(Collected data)
------
Lemma jacobi_triple_eqXn k m u w :
  flat 1 u -> flat 1 w -> w != 0 -> u * w != 0 -> (k + k <= m)%N ->
  qpoch (u * w) (u * w) k * qpoch (- u) (u * w) k * qpoch (- w) (u * w) k =
  theta_partial u w m %[modX k].
Proof.
move=> Hu Hw w0 uw0 le_kkm; set Q := u * w; set Pk := qpoch Q Q k.
have HQ : flat 1 Q by apply: flatMr.
have to_k a : flat 1 a -> qpoch a Q m = qpoch a Q k %[modX k].
  by move=> Ha; apply: qpoch_trunc => //; lia.
rewrite -(to_k _ (flatN Hu)) -(to_k _ (flatN Hw)).
rewrite -mulrA jacobi_triple_finite // mulrDr !big_distrr /=.
have lim e x y : Pk * e = 1 %[modX k] -> Pk * (e * x * y) = x * y %[modX k].
  by move=> Pe; rewrite !mulrA Pe mul1r.
have small e x y : flat k (x * y) -> Pk * (e * x * y) = x * y %[modX k].
  by move=> /flat_eqXn0 xy0; rewrite -(mulrA e) xy0 !mulr0.
apply: eqXnD; apply: eqXn_sum => j _.
  have [le_kj | lt_jk] := leqP k j.
    by apply/small/flatMl/(flat_le _ (flatX _ Hw)); rewrite bin2S; lia.
  by apply/lim/qbinom_limit => //; lia.
have [le_kj | lt_jk] := leqP k j.+1.
  by apply/small/flatMr/(flat_le _ (flatX _ Hu)); rewrite bin2S; lia.
by apply/lim/qbinom_limit => //; lia.
Qed.

End JacobiTripleTruncated.

(** * The identity P(q) Theta(q) = P(q^2) Psi(q) *)

Local Notation q := ('X : {poly int}).

Lemma flat1_Xn k : (0 < k)%N -> flat 1 (q ^+ k).
Proof. by move=> k_gt0; apply: flatXn_le. Qed.

Lemma flat1_X : flat 1 q.
Proof. exact: (flat1_Xn (k := 1)). Qed.

Lemma flat1_NXn k : (0 < k)%N -> flat 1 (- q ^+ k).
Proof. by move=> k_gt0; apply/flatN/flat1_Xn. Qed.

Lemma Xn_neq0 k : q ^+ k != 0.
Proof. by rewrite expf_neq0 // polyX_eq0. Qed.

Lemma NXn_neq0 k : - q ^+ k != 0.
Proof. by rewrite oppr_eq0 Xn_neq0. Qed.

Definition pgf (M : nat) : {poly int} := \poly_(k < M) (npartitions k)%:R.

(* Expanding the product, the coefficient of q^k enumerates the multiplicity
   vectors counted by [npartitions k]. *)
Definition bounded_pgf (k : nat) : {poly int} :=
  \prod_(i < k) \sum_(j < k.+1) q ^+ (i.+1 * j).

Lemma coef_bounded_pgf k : (bounded_pgf k)`_k = (npartitions k)%:R.
Proof.
rewrite /bounded_pgf bigA_distr_bigA /= coef_sum /npartitions -sum1_card natr_sum.
rewrite [RHS]big_mkcond /=; apply: eq_bigr => f _.
by rewrite prodrXr coefXn inE eq_sym; case: (_ == _).
Qed.

Lemma bounded_pgf_euler k : bounded_pgf k * qpoch q q k = 1 %[modX k.+1].
Proof.
rewrite /bounded_pgf /qpoch -big_split /=.
transitivity (\prod_(i < k) (1 : {poly int})); last by rewrite big1_eq.
apply: eqXn_prod => i _; rewrite -exprS.
have -> : \sum_(j < k.+1) q ^+ (i.+1 * j) = \sum_(j < k.+1) (q ^+ i.+1) ^+ j.
  by apply: eq_bigr => j _; rewrite exprM.
rewrite mulrC -opprB mulNr -subrX1 opprB -exprM.
have /flat_eqXn0 -> : flat k.+1 (q ^+ (i.+1 * k.+1)) by apply: flatXn_le; nia.
by rewrite subr0.
Qed.

Lemma pgf_euler M : pgf M * qpoch q q M = 1 %[modX M].
Proof.
have [V EV] := eqXn_inv M (qpoch_eqXn1 q M flat1_X).
suff pgfV : pgf M = V %[modX M] by rewrite pgfV mulrC.
apply/flatP => i lt_iM; rewrite coefB coef_poly lt_iM -coef_bounded_pgf.
apply/eqP; rewrite subr_eq0; apply/eqP; apply: (eqXn_coef _ (ltnSn i)).
apply: (eqXn_cancel (qpoch_eqXn1 q i flat1_X)); rewrite bounded_pgf_euler.
rewrite -(qpoch_trunc (n' := M) flat1_X flat1_X (leqnn _) (ltnW lt_iM)) mulrC.
by symmetry; apply: eqXn_le EV.
Qed.

Lemma pgf2_euler M : (pgf M \Po q ^+ 2) * qpoch (q ^+ 2) (q ^+ 2) M = 1 %[modX M].
Proof.
have := eqXn_comp_Xn (n := 2) isT (pgf_euler M).
by rewrite rmorphM rmorph1 /= comp_qpoch comp_polyX.
Qed.

Definition thetaL (N : nat) : {poly int} :=
  1 + \sum_(0 <= j < N) ((-1) ^+ j.+1 : int) *:
        (q ^+ (j.+1 * (3 * j + 1)) + q ^+ (j.+1 * (3 * j + 5))).

Definition psi (N : nat) : {poly int} :=
  \sum_(0 <= k < N) (q ^+ (3 * (k * k.*2.+1)) + q ^+ (3 * (k.+1 * k.*2.+1))).

Lemma signed_monomial a b c d : (- q ^+ c) ^+ a * (- q ^+ d) ^+ b =
  ((-1) ^+ (a + b) : int) *: q ^+ (c * a + d * b).
Proof.
rewrite (exprNn (q ^+ c)) (exprNn (q ^+ d)) -mul_polyC rmorphXn rmorphN rmorph1.
by rewrite !exprD !exprM; ring.
Qed.

Lemma theta_partial_thetaL m : theta_partial (- q ^+ 5) (- q ^+ 1) m = thetaL m.
Proof.
rewrite /theta_partial /thetaL big_mkord big_ord_recl /= !expr0 mulr1 -addrA.
congr (_ + _); rewrite -big_split /=; apply: eq_bigr => j _.
rewrite !signed_monomial scalerDr.
have sq : ('C(j.+1, 2) + 'C(j.+2, 2) = j.+1 * j.+1)%N.
  by rewrite (bin2S j.+1); have := bin2_mul2 j; lia.
have sign : ((-1) ^+ (j.+1 * j.+1) : int) = (-1) ^+ j.+1.
  by rewrite -signr_odd oddM andbb signr_odd.
have e1 : (5 * 'C(j.+1, 2) + 1 * 'C(j.+2, 2) = j.+1 * (3 * j + 1))%N.
  by rewrite (bin2S j.+1); have := bin2_mul2 j; nia.
have e2 : (5 * 'C(j.+2, 2) + 1 * 'C(j.+1, 2) = j.+1 * (3 * j + 5))%N.
  by rewrite (bin2S j.+1); have := bin2_mul2 j; nia.
by rewrite /bump /= add1n sq (addnC 'C(j.+2, 2)) sq sign e1 e2.
Qed.

Lemma theta_partial_psi m :
  theta_partial (q ^+ 3) (q ^+ 9) m = psi m + q ^+ (3 * (m * m.*2.+1)).
Proof.
have pos j : (q ^+ 3) ^+ 'C(j, 2) * (q ^+ 9) ^+ 'C(j.+1, 2) = q ^+ (3 * (j * j.*2.+1)).
  rewrite -!exprM -exprD; congr (_ ^+ _); rewrite bin2S.
  by case: j => [|j] //; have := bin2_mul2 j; nia.
have neg l : (q ^+ 3) ^+ 'C(l.+2, 2) * (q ^+ 9) ^+ 'C(l.+1, 2) =
    q ^+ (3 * (l.+1 * l.*2.+1)).
  rewrite -!exprM -exprD; congr (_ ^+ _); rewrite (bin2S l.+1).
  by have := bin2_mul2 l; nia.
rewrite /theta_partial /psi big_mkord big_ord_recr /= pos addrAC -big_split /=.
by congr (_ + _); apply: eq_bigr => k _; rewrite pos neg.
Qed.

Lemma thetaL_eqXn k N N' : (k <= N)%N -> (k <= N')%N -> thetaL N = thetaL N' %[modX k].
Proof.
move=> le_kN le_kN'; apply: eqXnD => //; apply: eqXn_sum_trunc => // j le_kj.
by apply/flatZ/flatD; apply: flatXn_le; apply: leq_trans le_kj _; nia.
Qed.

Lemma psi_eqXn k N N' : (k <= N)%N -> (k <= N')%N -> psi N = psi N' %[modX k].
Proof.
apply: eqXn_sum_trunc => j le_kj.
by apply/flatD; apply: flatXn_le; apply: leq_trans le_kj _; rewrite -mul2n; nia.
Qed.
------
__WHAT THE TASK ASKS__
In the data above, which lines have "move"? Report each of them.

__EXERCISE SOLUTION__
move=> Hu Hw w0 uw0 le_kkm; set Q := u * w; set Pk := qpoch Q Q k.
  by move=> Ha; apply: qpoch_trunc => //; lia.
  by move=> Pe; rewrite !mulrA Pe mul1r.
  by move=> /flat_eqXn0 xy0; rewrite -(mulrA e) xy0 !mulr0.
Proof. by move=> k_gt0; apply: flatXn_le. Qed.
Proof. by move=> k_gt0; apply/flatN/flat1_Xn. Qed.
move=> le_kN le_kN'; apply: eqXnD => //; apply: eqXn_sum_trunc => // j le_kj.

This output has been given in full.